3. The integral along the big circle, denoted $\Gamma_2\,$ , is evaluated with the ML inequality, which states that

$\left| \int_C g(z) dz \right| \le ML$

where $M$ is the maximum modulus of $g (z)$ on the curve $C$ and $L$ is the length of $C .$

On $\Gamma_2\,$ we have

$\left| z^{s-1} \right| = \left| \exp( \log(z) (s-1) ) \right| = \left| \exp( (\log(R) + i \theta) (s-1) ) \right|,$

where $0 \le \theta < 2\pi,$ according to the branch of the logarithm we are using. Hence

$\left| z^{s-1} \right| = R^{\sigma-1} \exp(-t\theta) \le R^{\sigma-1} \exp(2\pi|t|).$

This gives the bound

$\left| \int_{\Gamma_2} g(z) dz \right| \le 2\pi R \frac{R^{\sigma-1}}{R-1} \exp(2\pi|t|) = 2\pi \frac{R^\sigma}{R-1} \exp(2\pi|t|).$

We know that $\sigma <1\,$ , because s lies in the fundamental strip. Hence the integral vanishes as R goes to infinity.
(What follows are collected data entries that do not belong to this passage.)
Definition leib_hom (A B : lmodType K) (brA : A -> A -> A) (brB : B -> B -> B)
  (h : A -> B) : Prop :=
  linmap h /\ forall x y, h (brA x y) = brB (h x) (h y).

(* Leibniz action of (N, brN) on (L, brL) via bilinear maps
   act1 : N x L -> L and act2 : L x N -> L (the six identities expressing that
   the semidirect product L >< N is a Leibniz algebra). *)
Definition leib_action (L N : lmodType K) (brL : L -> L -> L) (brN : N -> N -> N)
  (act1 : N -> L -> L) (act2 : L -> N -> L) : Prop :=
  bilin act1 /\ bilin act2 /\
  (forall l n n', act2 l (brN n n') = act2 (act2 l n) n' - act2 (act2 l n') n) /\
  (forall n l n', act1 n (act2 l n') = act2 (act1 n l) n' - act1 (brN n n') l) /\
  (forall n n' l, act1 n (act1 n' l) = act1 (brN n n') l - act2 (act1 n l) n') /\
  (forall l l' n, brL l (act2 l' n) = act2 (brL l l') n - brL (act2 l n) l') /\
  (forall l n l', brL l (act1 n l') = brL (act2 l n) l' - act2 (brL l l') n) /\
  (forall n l l', act1 n (brL l l') = brL (act1 n l) l' - brL (act1 n l') l).

Definition crossed_module (L N : lmodType K) (brL : L -> L -> L) (brN : N -> N -> N)
  (act1 : N -> L -> L) (act2 : L -> N -> L) (del : L -> N) : Prop :=
  leibniz brL /\ leibniz brN /\ leib_action brL brN act1 act2 /\
  leib_hom brL brN del /\
  (forall n l, del (act1 n l) = brN n (del l)) /\
  (forall l n, del (act2 l n) = brN (del l) n) /\
  (forall l l', act1 (del l) l' = brL l l') /\
  (forall l l', act2 l (del l') = brL l l').

Definition braiding (L N : lmodType K) (brL : L -> L -> L) (brN : N -> N -> N)
  (act1 : N -> L -> L) (act2 : L -> N -> L) (del : L -> N)
  (b1 b2 : N -> N -> L) : Prop :=
  bilin b1 /\ bilin b2 /\
  (forall n n', del (b1 n n') = brN n n' /\ del (b2 n n') = brN n n') /\
  (forall l l', b1 (del l) (del l') = brL l l' /\ b2 (del l) (del l') = brL l l') /\
  (forall l n, b1 (del l) n = act2 l n /\ b2 (del l) n = act2 l n) /\
  (forall n l, b1 n (del l) = act1 n l /\ b2 n (del l) = act1 n l) /\
  (forall n n' n'', b1 n (brN n' n'') = b1 (brN n n') n'' - b1 (brN n n'') n') /\
  (forall n n' n'', b2 n (brN n' n'') = b1 (brN n n') n'' - b2 (brN n n'') n') /\
  (forall n n' n'', b1 n (brN n' n'') = b1 (brN n n') n'' - b2 (brN n n'') n') /\
  (forall n n' n'', b2 n (brN n' n'') = b2 (brN n n') n'' - b2 (brN n n'') n').
Lemma diag_psd n (D : 'M[R]_n) : is_diag_mx D -> (forall k, 0 <= D k k) -> psd_mx D.
Proof.
move=> /is_diag_mxP dD pD.
have -> : D = diag_mx (\row_k D k k).
  apply/matrixP => i j; rewrite !mxE; case: eqVneq => [->|ij]; first by rewrite mulr1n.
  by rewrite mulr0n dD.
split; first by rewrite /symmetric_mx tr_diag_mx.
move=> x; rewrite mul_mx_diag mxE; apply: sumr_ge0 => k _; rewrite !mxE.
by rewrite mulrAC; apply: mulr_ge0 => //; rewrite -expr2; exact: sqr_ge0.
Qed.

End PositiveMatrices.

Section SymmetricSpectrum.
Variable R : rcfType.

Lemma sym_eigenvalue_real n (A : 'M[R]_n) (z : R[i]) : A^T = A ->
  root (char_poly (map_mx (real_complex R) A)) z -> z \is Num.real.
Proof.
move=> sA; rewrite -eigenvalue_root_char => /eigenvalueP [v hv v0].
set Ac := map_mx _ A in hv.
set w := map_mx Num.conj v.
have AcT : Ac^T = Ac by rewrite /Ac map_trmx sA.
have Acc : map_mx Num.conj Ac = Ac.
  apply/matrixP=> i j; rewrite !mxE; apply/CrealP; apply/complex_realP.
  by exists (A i j).
have wwT : map_mx Num.conj w^T = v^T.
  by apply/matrixP=> i j; rewrite !mxE conjCK.
(* both v A w^T and v w^T are self-conjugate, and the first is z times the second *)
set q := (v *m Ac *m w^T) 0 0.
set nn := (v *m w^T) 0 0.
have hq : q = z * nn by rewrite /q hv -scalemxAl mxE.
have qc : q^* = q.
  have -> : q^* = (map_mx Num.conj (v *m Ac *m w^T)) 0 0 by rewrite mxE.
  rewrite !map_mxM Acc wwT.
  transitivity ((w *m Ac *m v^T)^T 0 0); first by rewrite [RHS]mxE.
  by rewrite !trmx_mul trmxK AcT mulmxA.
have nc : nn^* = nn.
  have -> : nn^* = (map_mx Num.conj (v *m w^T)) 0 0 by rewrite mxE.
  rewrite map_mxM wwT.
  transitivity ((w *m v^T)^T 0 0); first by rewrite [RHS]mxE.
  by rewrite !trmx_mul trmxK.
have nn0 : nn != 0.
  have -> : nn = \sum_k `|v 0 k| ^+ 2.
    by rewrite /nn mxE; apply: eq_bigr => k _; rewrite !mxE normCK.
  apply: contra v0; rewrite psumr_eq0 => [/allP H|]; last by move=> *; exact: exprn_ge0.
  apply/eqP/matrixP => i k; rewrite (ord1 i) mxE.
  by move: (H k (mem_index_enum k)) => /implyP /(_ isT); rewrite sqrf_eq0 normr_eq0 => /eqP.
apply/CrealP.
have : (z * nn)^* = z * nn by rewrite -hq qc.
by rewrite rmorphM /= nc => /(mulIf nn0).
Qed.

Lemma sym_char_poly_split n (A : 'M[R]_n) : A^T = A ->
  exists s : seq R, char_poly A = \prod_(r <- s) ('X - r%:P).
Proof.
move=> sA.
have [rs hrs] := closed_field_poly_normal (map_poly (real_complex R) (char_poly A)).
rewrite lead_coef_map (monicP (char_poly_monic A)) rmorph1 scale1r in hrs.
exists (map (@complex.Re R) rs).
apply: (@map_poly_inj _ _ (real_complex R)).
rewrite hrs rmorph_prod big_map; apply: eq_big_seq => z zin.
rewrite /= map_polyXsubC; congr (_ - _%:P); symmetry; apply: RRe_real.
apply: (sym_eigenvalue_real sA).
by rewrite -map_char_poly hrs root_prod_XsubC.
Qed.

End SymmetricSpectrum.

Section SquareRoot.
Variable R : rcfType.

(** For S symmetric, S^2 X = 0 implies S X = 0 (compare Gram traces). *)
Lemma sym_sqr_mul0 n m (S : 'M[R]_n) (X : 'M[R]_(n, m)) :
  S^T = S -> S *m S *m X = 0 -> S *m X = 0.
Proof.
move=> sS h; apply: tr_gram_eq0; rewrite trmx_mul sS.
have -> : X^T *m S *m (S *m X) = X^T *m (S *m S *m X) by rewrite !mulmxA.
by rewrite h mulmx0 mxtrace0.
Qed.

Lemma psd_shift_mul0 n m (A : 'M[R]_n) (X : 'M[R]_(n, m)) r :
  psd_mx A -> r < 0 -> (A - r%:M) *m X = 0 -> X = 0.
Proof.
move=> hA hr h; apply: tr_gram_eq0.
have : \tr (X^T *m ((A - r%:M) *m X)) = 0 by rewrite h mulmx0 mxtrace0.
rewrite mulmxBl mulmxBr raddfB /= mul_scalar_mx -scalemxAr mxtraceZ mulmxA => e.
have h1 := psd_tr_congr X hA; have h2 := tr_gram_ge0 X.
have h3 : 0 <= - r * \tr (X^T *m X) by apply: mulr_ge0 => //; rewrite oppr_ge0 ltW.
by apply/eqP; rewrite eq_le h2 andbT; nra.
Qed.

Definition prod_XsubC (s : seq R) : {poly R} := \prod_(r <- s) ('X - r%:P).

Fixpoint nonneg_roots (s : seq R) : seq R :=
  if s is r :: s' then
    if (0 <= r) && (r \notin nonneg_roots s') then r :: nonneg_roots s'
    else nonneg_roots s'
  else [::].

Lemma nonneg_roots_uniq s : uniq (nonneg_roots s).
Proof. by elim: s => //= r s IH; case: ifP => //= /andP [_ ->]. Qed.

Lemma nonneg_roots_ge0 s : all (fun r => 0 <= r) (nonneg_roots s).
Proof. by elim: s => //= r s IH; case: ifP => //= /andP [-> _]. Qed.

Lemma horner_mx_XsubC n (A : 'M[R]_n.+1) r : horner_mx A ('X - r%:P) = A - r%:M.
Proof. by rewrite rmorphB /= horner_mx_X horner_mx_C. Qed.

(** If a PSD matrix A is annihilated by prod (X - r) * q, it is still
    annihilated after discarding the negative and the repeated roots r:
    a PSD matrix is semisimple with nonnegative spectrum. *)
Lemma nonneg_roots_annihilate n (A : 'M[R]_n.+1) : psd_mx A -> forall s q,
  horner_mx A (prod_XsubC s * q) = 0 ->
  horner_mx A (prod_XsubC (nonneg_roots s) * q) = 0.
Proof.
move=> hA; elim => [|r s IH] q //= H.
have H' : horner_mx A (prod_XsubC (nonneg_roots s) * (('X - r%:P) * q)) = 0.
  by apply: IH; move: H; rewrite /prod_XsubC big_cons mulrCA mulrA.
case: ifP => [_|hr]; first by rewrite /prod_XsubC big_cons -mulrA mulrCA.
have [r0|rneg] := boolP (0 <= r); last first.
  move: H'; rewrite mulrCA rmorphM /= horner_mx_XsubC => H2.
  by apply: (psd_shift_mul0 hA _ H2); rewrite ltNge.
move: hr; rewrite r0 /= => /negbFE rin.
move: H'; rewrite /prod_XsubC (big_rem _ rin) /=.
set P := \prod_(_ <- _) _.
have -> : ('X - r%:P) * P * (('X - r%:P) * q) = ('X - r%:P) * ('X - r%:P) * (P * q).
  by ring.
rewrite -!mulrA !rmorphM /= !horner_mx_XsubC => H2.
apply: sym_sqr_mul0; last by rewrite -mulmxA.
by case: hA => sA _; rewrite raddfB /= tr_scalar_mx sA.
Qed.

Lemma horner_mx_sym n (A : 'M[R]_n.+1) p : A^T = A -> (horner_mx A p)^T = horner_mx A p.
Proof.
move=> sA; elim/poly_ind: p => [|p c IH]; first by rewrite rmorph0 trmx0.
rewrite rmorphD rmorphM /= horner_mx_X horner_mx_C raddfD /= tr_scalar_mx.
congr (_ + _).
have -> : (horner_mx A p * A)^T = A^T *m (horner_mx A p)^T by exact: trmx_mul.
rewrite IH sA.
have e : horner_mx A (p * 'X) = horner_mx A ('X * p) by rewrite mulrC.
by rewrite !rmorphM /= horner_mx_X in e; rewrite e.
Qed.

Lemma sym_idem_psd n (P : 'M[R]_n) (x : 'cV[R]_n) :
  P^T = P -> P *m P = P -> 0 <= (x^T *m P *m x) 0 0.
Proof.
move=> sP iP.
have -> : x^T *m P *m x = (P *m x)^T *m (P *m x).
  by rewrite trmx_mul sP -!mulmxA (mulmxA P) iP.
by rewrite -trace_mx11; exact: tr_gram_ge0.
Qed.

(** If a PSD matrix A is annihilated by prod_(r <- s) (X - r) with distinct
    nonnegative roots, then p(A) is a PSD square root of A, where p is the
    Lagrange interpolant of sqrt on s. *)
Lemma psd_sqrt_interp n (A : 'M[R]_n.+1) (s : seq R) : psd_mx A -> uniq s ->
  all (fun r => 0 <= r) s -> horner_mx A (prod_XsubC s) = 0 ->
  exists B, is_psd_sqrt A B.
Proof.
move=> hA us /allP s0 hs.
pose L k := \prod_(l <- s | l != k) (('X - l%:P) * ((k - l)^-1)%:P).
have Lk k m : k \in s -> m \in s -> (L k).[m] = (m == k)%:R.
  move=> ks ms; rewrite horner_prod.
  case: eqP => [->|/eqP mk].
    rewrite big_seq_cond big1 // => l /andP [_ lk].
    by rewrite hornerM hornerXsubC hornerC divff // subr_eq0 eq_sym.
  by rewrite (big_rem m) //= mk hornerM hornerXsubC subrr !mul0r.
pose p := \sum_(k <- s) Num.sqrt k *: L k.
have hp m : m \in s -> p.[m] = Num.sqrt m.
  move=> ms; rewrite horner_sum (bigD1_seq m) //= hornerZ Lk // eqxx mulr1.
  rewrite big_seq_cond big1 ?addr0 // => k /andP [ks km].
  by rewrite hornerZ Lk // eq_sym (negbTE km) mulr0.
have vanish q : all (root q) s -> horner_mx A q = 0.
  move=> hq; have us' : uniq_roots s by rewrite uniq_rootsE.
  have [t ->] := uniq_roots_prod_XsubC hq us'.
  by rewrite rmorphM /= -/(prod_XsubC s) hs mulr0.
have sA : A^T = A by case: hA.
exists (horner_mx A p); split; last first.
  have : horner_mx A (p * p - 'X) = 0.
    apply: vanish; apply/allP => m ms.
    by rewrite /root hornerD hornerN hornerM hornerX hp // -expr2 sqr_sqrtr ?s0 // subrr.
  by rewrite rmorphB rmorphM /= horner_mx_X => /eqP; rewrite subr_eq0 => /eqP.
split; first exact: horner_mx_sym.
move=> x; rewrite raddf_sum mulmx_sumr mulmx_suml summxE.
rewrite big_seq; apply: sumr_ge0 => k ks; rewrite /= horner_mxZ -scalemxAr -scalemxAl mxE.
apply: mulr_ge0; first exact: sqrtr_ge0.
apply: sym_idem_psd; first exact: horner_mx_sym.
have : horner_mx A (L k * L k - L k) = 0.
  apply: vanish; apply/allP => m ms.
  by rewrite /root hornerD hornerN hornerM Lk //; case: (m == k); rewrite ?mulr1 ?mul0r subrr.
by rewrite rmorphB rmorphM /= => /eqP; rewrite subr_eq0 => /eqP.
Qed.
4. The integral along the small circle, denoted $\Gamma_4\,$ , is also evaluated with the ML inequality, giving the upper bound

$\left| \int_{\Gamma_4} g(z) dz \right| \le 2\pi r \frac{r^{\sigma-1}}{1-r} \exp(2\pi|t|) = 2\pi \frac{r^\sigma}{1-r} \exp(2\pi|t|).$

We have $\sigma >0\,$ because s lies in the fundamental strip, and hence this integral vanishes also, as r goes to zero.

The residue of $g (z)$ at the simple pole at $z = - 1$ is

$\lim_{z \rightarrow -1} (z+1) \frac{z^{s-1}}{1+z} = (-1)^{s-1} = \exp(\pi i (s-1)) = - \exp (\pi i s).$

Putting all of the segment integrals together, the Cauchy residue theorem yields

$\left(\int_{\Gamma_1} + \int_{\Gamma_2} + \int_{\Gamma_3} + \int_{\Gamma_4} \right) g(z) dz = - 2\pi i \exp (\pi i s),$

so that in the limit,

$\varphi(s) \, (1 - \exp(2\pi i s)) = - 2\pi i \exp (\pi i s)$

or

$\varphi(s) = \pi \frac{2 i \exp (\pi i s)}{\exp(2\pi i s) - 1} = \pi \frac{2 i}{\exp(\pi i s) - \exp(-\pi i s)} = \frac{\pi}{\sin \pi s}, \quad \mbox{QED}.$

This integral was discussed on the newsgroup es.ciencia.matematicas, where an image of the contour used above under the exponential map was used and the article is here.

[edit] Relationship to other transforms

The two-sided Laplace transform may be defined in terms of the Mellin transform by

$\left\{\mathcal{B} f\right\}(s) = \left\{\mathcal{M} f(-\ln x) \right\}(s)$

and conversely we can get the Mellin transform from the two-sided Laplace transform by

$\left\{\mathcal{M} f\right\}(s) = \left\{\mathcal{B} f(e^{-x})\right\}(s).$

The Mellin transform may be thought of as integrating using a kernel x^s with respect to the multiplicative Haar measure, $\frac{dx}{x}$ , which is invariant under dilation $x \mapsto ax$ , so that $\frac{d(ax)}{ax} = \frac{dx}{x}$ ; the two-sided Laplace transform integrates with respect to the additive Haar measure $d x$ , which is translation invariant, so that $d (x + a) = d x$ .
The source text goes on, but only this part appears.